When matching data it is usually advantageous to perform certain character normalizations before matching. These include things such as mapping all letters to a common letter case, normalizing white space, stripping out certain special characters. A character map defines the set of rules to be applied. The TIBCO Patterns Engine has a default character map that is appropriate for most cases. It maps all letters to lower case, strips all diacritic marks from letters, maps all punctuation and special characters to a blank, maps all whitespace to blanks, and compresses out all repeated blanks. There is also a second predefined character map that is similar to the standard map except that punctuation and special characters are left unchanged. For those cases where neither of these are appropriate the user can define their own character mapping rules. This class is the means by which these character mapping rules are defined.
Terms such as "letter" and "whitespace" are as defined in the unicode standard. The exception is that "punctuation" or "special characters" is a little broader than the unicode standard. Within the ASCII range this includes all characters that are not letters, digits or whitespace.
The first 16 bits of the full unicode character set are supported.

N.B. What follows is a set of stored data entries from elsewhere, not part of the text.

Lemma uext_cont x : continuous uext x.
Proof.
  apply continuous_of_epsdel. intros eps He.
  destruct (continuous_within_of_diffquot u0 (fun y => 0 <= y) (Rmax 0 x) _
              (u0_deriv _ (Rmax_l 0 x)) eps He) as [d [Hd0 H]].
  exists d; split; [exact Hd0|]. intros y Hy. unfold uext. apply H; [apply Rmax_l|].
  eapply Rle_lt_trans; [apply Rmax0_lip| exact Hy].
Qed.

Lemma uext_nonneg x : 0 <= uext x.
Proof. apply u0_nonneg, Rmax_l. Qed.

Lemma uext_mono x y : x <= y -> uext x <= uext y.
Proof. intro H. apply u0_mono; [apply Rmax_l| apply Rmax0_mono; exact H]. Qed.

Lemma uext_eq x : 0 <= x -> uext x = u0 x.
Proof. intro H. unfold uext. rewrite Rmax_right; auto. Qed.

Lemma uext_deriv x : 0 < x -> derivable_pt_lim uext x (u0' x).
Proof.
  intros Hx eps He.
  destruct (within_limit_epsdel _ _ x _ (u0_deriv x (Rlt_le _ _ Hx)) eps He) as [d1 [Hd1 H1]].
  exists (mkposreal (Rmin d1 x) (Rmin_pos _ _ Hd1 Hx)). simpl. intros k Hk Hkd.
  assert (Hk1 : Rabs k < d1) by exact (Rlt_le_trans _ _ _ Hkd (Rmin_l _ _)).
  assert (Hk2 : Rabs k < x) by exact (Rlt_le_trans _ _ _ Hkd (Rmin_r _ _)).
  apply Rabs_def2 in Hk2. unfold uext. rewrite !Rmax_right by lra.
  replace k with (x + k - x) at 2 by ring.
  apply H1; [replace (x + k - x) with k by ring; exact Hk1| split; [lra| intro; apply Hk; lra]].
Qed.

Lemma u0'_cont x : 0 < x -> continuous u0' x.
Proof.
  intro Hx. apply continuous_of_epsdel. intros eps He.
  destruct (within_limit_epsdel _ _ x _ (u0'_cont_within x (Rlt_le _ _ Hx)) eps He)
    as [d1 [Hd1 H1]].
  exists (Rmin d1 x); split; [apply Rmin_pos; lra|]. intros y Hy.
  assert (Hk2 : Rabs (y - x) < x) by exact (Rlt_le_trans _ _ _ Hy (Rmin_r _ _)).
  apply Rabs_def2 in Hk2. apply H1; [exact (Rlt_le_trans _ _ _ Hy (Rmin_l _ _))| lra].
Qed.

Lemma mext_deriv x : derivable_pt_lim mext x (uext x).
Proof.
  apply is_derive_Reals. unfold mext.
  apply (@is_derive_RInt R_NormedModule uext (RInt uext 0) 0 x); [|apply uext_cont].
  exists (mkposreal 1 Rlt_0_1). intros b _. apply (@RInt_correct R_CompleteNormedModule).
  apply (@ex_RInt_continuous R_CompleteNormedModule). intros z _. apply uext_cont.
Qed.

Lemma mext_cont x : continuous mext x.
Proof. exact (derivable_continuous _ _ _ (mext_deriv x)). Qed.

Lemma mext_0 : mext 0 = 0.
Proof. unfold mext. rewrite RInt_point. reflexivity. Qed.

Lemma mext_incr x y : x <= y -> 0 <= mext y - mext x <= (y - x) * uext y.
Proof.
  intro H. destruct (Req_dec x y) as [->|Hne]; [rewrite Rminus_eq_0; lra|].
  destruct (MVT_cor2 mext uext x y ltac:(lra) (fun c _ => mext_deriv c)) as [c [Hc1 Hc2]].
  rewrite Hc1. pose proof (uext_nonneg c). pose proof (uext_mono c y ltac:(lra)). split; nra.
Qed.

Lemma mext_nonneg x : 0 <= x -> 0 <= mext x.
Proof. intro H. pose proof (mext_incr 0 x H). rewrite mext_0 in H0. lra. Qed.

(* If u0 vanishes at x then it vanishes on [0, x], and so does m0. *)
Lemma mext_zero x : 0 <= x -> uext x <= 0 -> mext x = 0.
Proof. intros Hx H. pose proof (mext_incr 0 x Hx). rewrite mext_0 in H0. pose proof (uext_nonneg x). nra. Qed.

Lemma mass0_eq x : 0 <= x -> mass0 u0 x = mext x.
Proof.
  intro H. unfold mass0, mext. apply RInt_ext. intros z Hz.
  rewrite Rmin_left in Hz by exact H. rewrite uext_eq; [reflexivity| lra].
Qed.

Definition ua x := rpow (uext x) alpha.
Definition ua1 x := rpow (uext x) (alpha - 1).
Definition ua' x := alpha * ua1 x * u0' x.

Lemma ua_deriv x : 0 < x -> derivable_pt_lim ua x (ua' x).
Proof.
  intro Hx. apply (derivable_rpow uext x (u0' x) alpha 1 alpha_gt1 Rlt_0_1);
    [intros; apply uext_nonneg| apply uext_deriv, Hx].
Qed.

Lemma ua_cont x : continuous ua x.
Proof. apply (continuous_comp uext (fun y => rpow y alpha)); [apply uext_cont| apply rpow_continuous; lra]. Qed.

Lemma ua1_cont x : continuous ua1 x.
Proof. apply (continuous_comp uext (fun y => rpow y (alpha - 1))); [apply uext_cont| apply rpow_continuous; lra]. Qed.

Lemma ua'_cont x : 0 < x -> continuous ua' x.
Proof.
  intro Hx. apply (continuous_mult (fun y => alpha * ua1 y) u0'); [|apply u0'_cont, Hx].
  apply (continuous_mult (fun _ => alpha) ua1); [apply continuous_const| apply ua1_cont].
Qed.

Lemma ua_peel x : ua x = uext x * ua1 x.
Proof. apply rpow_peel, uext_nonneg. Qed.
Lemma tr_extO_mul_block_split (S Z X : {fset nat}) (A : op R S) (rho : op R X) :
  S `<=` Z -> Z `<=` X ->
  tr (mul (EO X A) rho) =
    \sum_(c : basis X | reset Z c == c) tr (mul (EO Z A) (diag_block Z c rho)).
Proof.
move=> SZ ZX; rewrite /tr (sum_basis_split _ ZX); apply: eq_bigr => c /eqP hc.
apply: eq_bigr => a' _; rewrite /mul /diag_block.
rewrite (@sum_basis_block _ Z X c) //.
  by apply: eq_bigr => b' _; rewrite (extO_glue _ _ _ SZ ZX hc hc) eqxx.
move=> b hb; have hb' := reset_idem Z b.
rewrite -(glue_restr_reset Z b) (extO_glue _ _ _ SZ ZX hc hb').
by rewrite eq_sym (negbTE hb) mul0r.
Qed.

Lemma psd_diag_block (Z X : {fset nat}) (c : basis X) (rho : op R X) :
  Z `<=` X -> reset Z c = c -> psd rho -> psd (diag_block Z c rho).
Proof.
move=> ZX hc hr v.
set v' := fun a : basis X => if reset Z a == c then v (restr Z a) else 0.
have hv' a : reset Z a != c -> v' a = 0 by move=> /negbTE h; rewrite /v' h.
have ev' a' : v' (glue a' c) = v a' by rewrite /v' reset_glue hc eqxx restr_glue.
have := hr v'.
rewrite (@sum_basis_block _ Z X c) //; last first.
  by move=> a ha; rewrite hv' // conjC0; apply: big1 => b _; rewrite !mul0r.
have E1 a' : \sum_b (v' (glue a' c))^* * rho (glue a' c) b * v' b =
    \sum_b' (v a')^* * diag_block Z c rho a' b' * v b'.
  rewrite (@sum_basis_block _ Z X c _ ZX hc); last by move=> b hb; rewrite (hv' b hb) mulr0.
  by apply: eq_bigr => b' _; rewrite !ev'.
by under eq_bigr => a' _ do rewrite E1.
Qed.

End Blocks.

Section SuperOperator.
Variable R : realType.
Variable V : {fset nat}.
Variable E : superop R V.
Hypothesis HE : DProg E.

Lemma extS_lin (Z : {fset nat}) k (A A' : op R Z) :
  extS E (fun a b => k * A a b + A' a b) = (fun a b => k * extS E A a b + extS E A' a b).
Proof. by apply: op_ext => a b; rewrite /extS; case: HE => lin _ _; apply: lin. Qed.

Lemma extS_scale (Z : {fset nat}) k (A : op R Z) :
  extS E (fun a b => k * A a b) = (fun a b => k * extS E A a b).
Proof.
have lin0 := @linear_form0 R Z (fun A => extS E A _ _).
apply: op_ext => a b; have := congr1 (fun f => f a b) (extS_lin k A (@zeroop R Z)).
rewrite (lin0 a b) /=; last by move=> k' A1 A2; rewrite extS_lin.
by rewrite addr0 => <-; congr (extS E _ a b); apply: op_ext => i j; rewrite /zeroop addr0.
Qed.

Lemma extS_full (tau : op R V) : extS E tau = E tau.
Proof.
apply: op_ext => a b; rewrite /extS !restr_full; congr (E _ _ _).
by apply: op_ext => u v; rewrite !glue_full.
Qed.

Lemma diag_block_extS (Z X : {fset nat}) (c : basis X) (rho : op R X) :
  V `<=` Z -> Z `<=` X -> diag_block Z c (extS E rho) = extS E (diag_block Z c rho).
Proof.
move=> VZ ZX; apply: op_ext => a b; rewrite /diag_block /extS !(restr_glue_sub _ _ VZ ZX).
by congr (E _ _ _); apply: op_ext => u v; rewrite !(glueA _ _ _ VZ).
Qed.

Lemma psd_extS (Z : {fset nat}) (s : op R Z) : V `<=` Z -> psd s -> psd (extS E s).
Proof. by move=> VZ hs; case: HE => _ h _; apply: h. Qed.

Lemma tr_extS_le (Z : {fset nat}) (s : op R Z) : V `<=` Z -> psd s -> tr (extS E s) <= tr s.
Proof.
move=> VZ hs; rewrite (tr_block_split _ VZ) [X in _ <= X](tr_block_split _ VZ).
apply: ler_sum => c /eqP hc.
rewrite diag_block_extS ?fsubset_refl // extS_full.
by case: HE => _ _ h; apply: h; exact: psd_diag_block.
Qed.

End SuperOperator.

Lemma ler_gap_eq (R : numDomainType) (x y x' y' : R) :
  y - x = y' - x' -> (x <= y) = (x' <= y').
Proof. by move=> e; rewrite -subr_ge0 e subr_ge0. Qed.

Section Scaling.
Variable R : realType.
Variable Z : {fset nat}.

Lemma tr_scale k (s : op R Z) : tr (fun a b => k * s a b) = k * tr s.
Proof. by rewrite /tr big_distrr. Qed.

Lemma tr_mul_scale k (A s : op R Z) : tr (mul A (fun a b => k * s a b)) = k * tr (mul A s).
Proof.
rewrite /tr /mul big_distrr; apply: eq_bigr => a _; rewrite big_distrr.
by apply: eq_bigr => b _; rewrite mulrCA.
Qed.

Lemma psd_scale k (s : op R Z) : 0 <= k -> psd s -> psd (fun a b => k * s a b).
Proof.
move=> k0 hs v.
have -> : \sum_a \sum_b (v a)^* * (k * s a b) * v b = k * qform s v.
  rewrite /qform big_distrr; apply: eq_bigr => a _; rewrite big_distrr /=.
  by apply: eq_bigr => b _; ring.
by apply: mulr_ge0 => //; apply: hs.
Qed.

Lemma psd_normalize (s : op R Z) : psd s -> exists k : R[i], 0 < k /\ pdo (fun a b => k * s a b).
Proof.
move=> hs; have t0 := psd_tr_ge0 hs.
have h1 : 0 < 1 + tr s by apply: (lt_le_trans ltr01); rewrite lerDl.
exists (1 + tr s)^-1; split; first by rewrite invr_gt0.
split; first by apply: psd_scale => //; rewrite invr_ge0 ltW.
by rewrite tr_scale mulrC ler_pdivrMr // mul1r lerDr ler01.
Qed.

End Scaling.

Section Satisfaction.
Variable R : realType.
Variable V : {fset nat}.
Variable E : superop R V.
Hypothesis HE : DProg E.

(* Both formulas are linear in [rho] and split along the diagonal blocks of [rho]
   over the variables outside [V `|` S `|` T], so it suffices to test unnormalized
   states on exactly that space. *)
Lemma sat_tot_psdP (S T Z : {fset nat}) (P : op R S) (Q : op R T) :
  V `|` S `|` T = Z ->
  sat_tot E P Q <->
  (forall s : op R Z, psd s -> tr (mul (EO Z P) s) <= tr (mul (EO Z Q) (extS E s))).
Proof.
move=> <-; set Y := V `|` S `|` T.
have VY : V `<=` Y by rewrite /Y; fsubset_tac.
have SY : S `<=` Y by rewrite /Y; fsubset_tac.
have TY : T `<=` Y by rewrite /Y; fsubset_tac.
split => [H s hs|H X YX rho [hr _]].
  have [k [k0 hk]] := psd_normalize hs.
  have := H Y (fsubset_refl _) _ hk.
  by rewrite tr_mul_scale extS_scale // tr_mul_scale ler_pM2l.
rewrite (tr_extO_mul_block_split _ _ SY YX) (tr_extO_mul_block_split _ _ TY YX).
apply: ler_sum => c /eqP hc.
by rewrite diag_block_extS //; apply: H; exact: psd_diag_block.
Qed.

Lemma sat_par_psdP (S T Z : {fset nat}) (P : op R S) (Q : op R T) :
  V `|` S `|` T = Z ->
  sat_par E P Q <->
  (forall s : op R Z, psd s ->
     tr (mul (EO Z P) s) <= tr (mul (EO Z Q) (extS E s)) + tr s - tr (extS E s)).
Proof.
move=> <-; set Y := V `|` S `|` T.
have VY : V `<=` Y by rewrite /Y; fsubset_tac.
have SY : S `<=` Y by rewrite /Y; fsubset_tac.
have TY : T `<=` Y by rewrite /Y; fsubset_tac.
split => [H s hs|H X YX rho [hr _]].
  have [k [k0 hk]] := psd_normalize hs.
  have := H Y (fsubset_refl _) _ hk.
  rewrite tr_mul_scale extS_scale // tr_mul_scale !tr_scale -mulrDr -mulrBr.
  by rewrite ler_pM2l.
rewrite (tr_extO_mul_block_split _ _ SY YX) (tr_extO_mul_block_split _ _ TY YX).
rewrite (tr_block_split _ YX) (tr_block_split (extS E rho) YX) -big_split -sumrB /=.
apply: ler_sum => c /eqP hc.
by rewrite diag_block_extS //; apply: H; exact: psd_diag_block.
Qed.

Section Defects.
Variable Z : {fset nat}.
Hypothesis VZ : V `<=` Z.
Variable Qz : op R Z.
Hypothesis hQz : projector Qz.

(* On states [s] over [Z], [E |=tot (P, Qz)] reads [tr (P s) <= tr s - tot_defect s]
   and [E |=par (P, Qz)] reads [tr (P s) <= tr s - par_defect s]. *)
Definition tot_defect (s : op R Z) := tr s - tr (mul Qz (extS E s)).
Definition par_defect (s : op R Z) := tr (extS E s) - tr (mul Qz (extS E s)).

Lemma linear_tot_defect : linear_form tot_defect.
Proof. by move=> k A A'; rewrite /tot_defect extS_lin // linear_form_tr linear_form_tr_mul; ring. Qed.
(* Let $\varphi(z)=1+B_1z+B_2z^2+B_3z^3+\cdots$ be analytic in $\mathbb{D}$ with $B_1>0$ and $B_2\in\mathbb{R}$. Let $f(z)=z+\sum_{n\ge2}a_nz^n$ belong to $\sigma$, with inverse $F=f^{-1}$ on $\mathbb{D}$, and suppose \[\frac{zf'(z)}{f(z)}\prec\varphi(z)\quad\text{and}\quad F'(w)\prec\varphi(w)\] (i.e. $f\in\mathcal{S}^*(\varphi)$ and $F\in\mathcal{R}(\varphi)$). Then \[|a_2|\le\frac{\sqrt{5\,(B_1+|B_2-B_1|)}}{3}\quad\text{and}\quad |a_3|\le\frac{7\,(B_1+|B_2-B_1|)}{9}.\]
   Context: $\mathbb{D}=\{z\in\mathbb{C}:|z|<1\}$. $\mathcal{A}$ denotes the class of analytic functions $f$ on $\mathbb{D}$ with $f(0)=0$, $f'(0)=1$, i.e. $f(z)=z+\sum_{n\ge2}a_nz^n$. The class $\sigma$ of bi-univalent functions consists of those $f\in\mathcal{A}$ that are univalent in $\mathbb{D}$ and whose inverse $f^{-1}$ (defined near $0$) extends to a univalent analytic function $F$ on $\mathbb{D}$; then $F(w)=w-a_2w^2+(2a_2^2-a_3)w^3+\cdots$. For analytic $g,h$ on $\mathbb{D}$, $g\prec h$ (subordination) means there is an analytic $\omega:\mathbb{D}\to\mathbb{D}$ with $\omega(0)=0$ and $g=h\circ\omega$. *)

From Stdlib Require Import Reals.
Open Scope R_scope.

Record Cplx : Type := mkC { Re : R ; Im : R }.

Definition RtoC (x : R) : Cplx := mkC x 0.
Definition Czero : Cplx := RtoC 0.
Definition Cone : Cplx := RtoC 1.
Definition Cadd (z w : Cplx) : Cplx := mkC (Re z + Re w) (Im z + Im w).
Definition Copp (z : Cplx) : Cplx := mkC (- Re z) (- Im z).
Definition Csub (z w : Cplx) : Cplx := Cadd z (Copp w).
Definition Cmul (z w : Cplx) : Cplx :=
  mkC (Re z * Re w - Im z * Im w) (Re z * Im w + Im z * Re w).
Definition Cinv (z : Cplx) : Cplx :=
  mkC (Re z / (Re z * Re z + Im z * Im z)) (- Im z / (Re z * Re z + Im z * Im z)).
Definition Cdiv (z w : Cplx) : Cplx := Cmul z (Cinv w).
Definition Cnorm (z : Cplx) : R := sqrt (Re z * Re z + Im z * Im z).
Fixpoint Cpow (z : Cplx) (n : nat) : Cplx :=
  match n with O => Cone | S m => Cmul z (Cpow z m) end.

This includes all commonly used code pages, including the Chinese and Japanese characters.

See Also:

NetricsServerInterface.cmapcreate(com.netrics.likeit.NetricsCharmap)

Field Summary

Fields
Modifier and Type	Field and Description
`static java.lang.String`	`Punctuation` The name of the predefined punctuation sensitive character map.
`static java.lang.String`	`Standard` The name of the predefined default character map.

Constructor Summary

Constructors
Constructor and Description

NetricsCharmap(java.lang.String name)
Specify the name of the character map.

Constructors
Constructor and Description
`NetricsCharmap(java.lang.String name)` Specify the name of the character map.

Method Summary

All Methods Instance Methods Concrete Methods
Modifier and Type	Method and Description
`void`	`foldCase()` Equate all letter cases to lower case.
`void`	`foldDiacritics()` Equate characters with diacritics with their normal cognates.
`void`	`mapChars(char[] fromchars, char[] tochars)` Use this method to equate any character with any other.
`void`	`mapPunctuation(char c)` Map all punctuation characters to a specific character.
`void`	`mapWhitespace(char c)` Map all whitespace characters to a specific character.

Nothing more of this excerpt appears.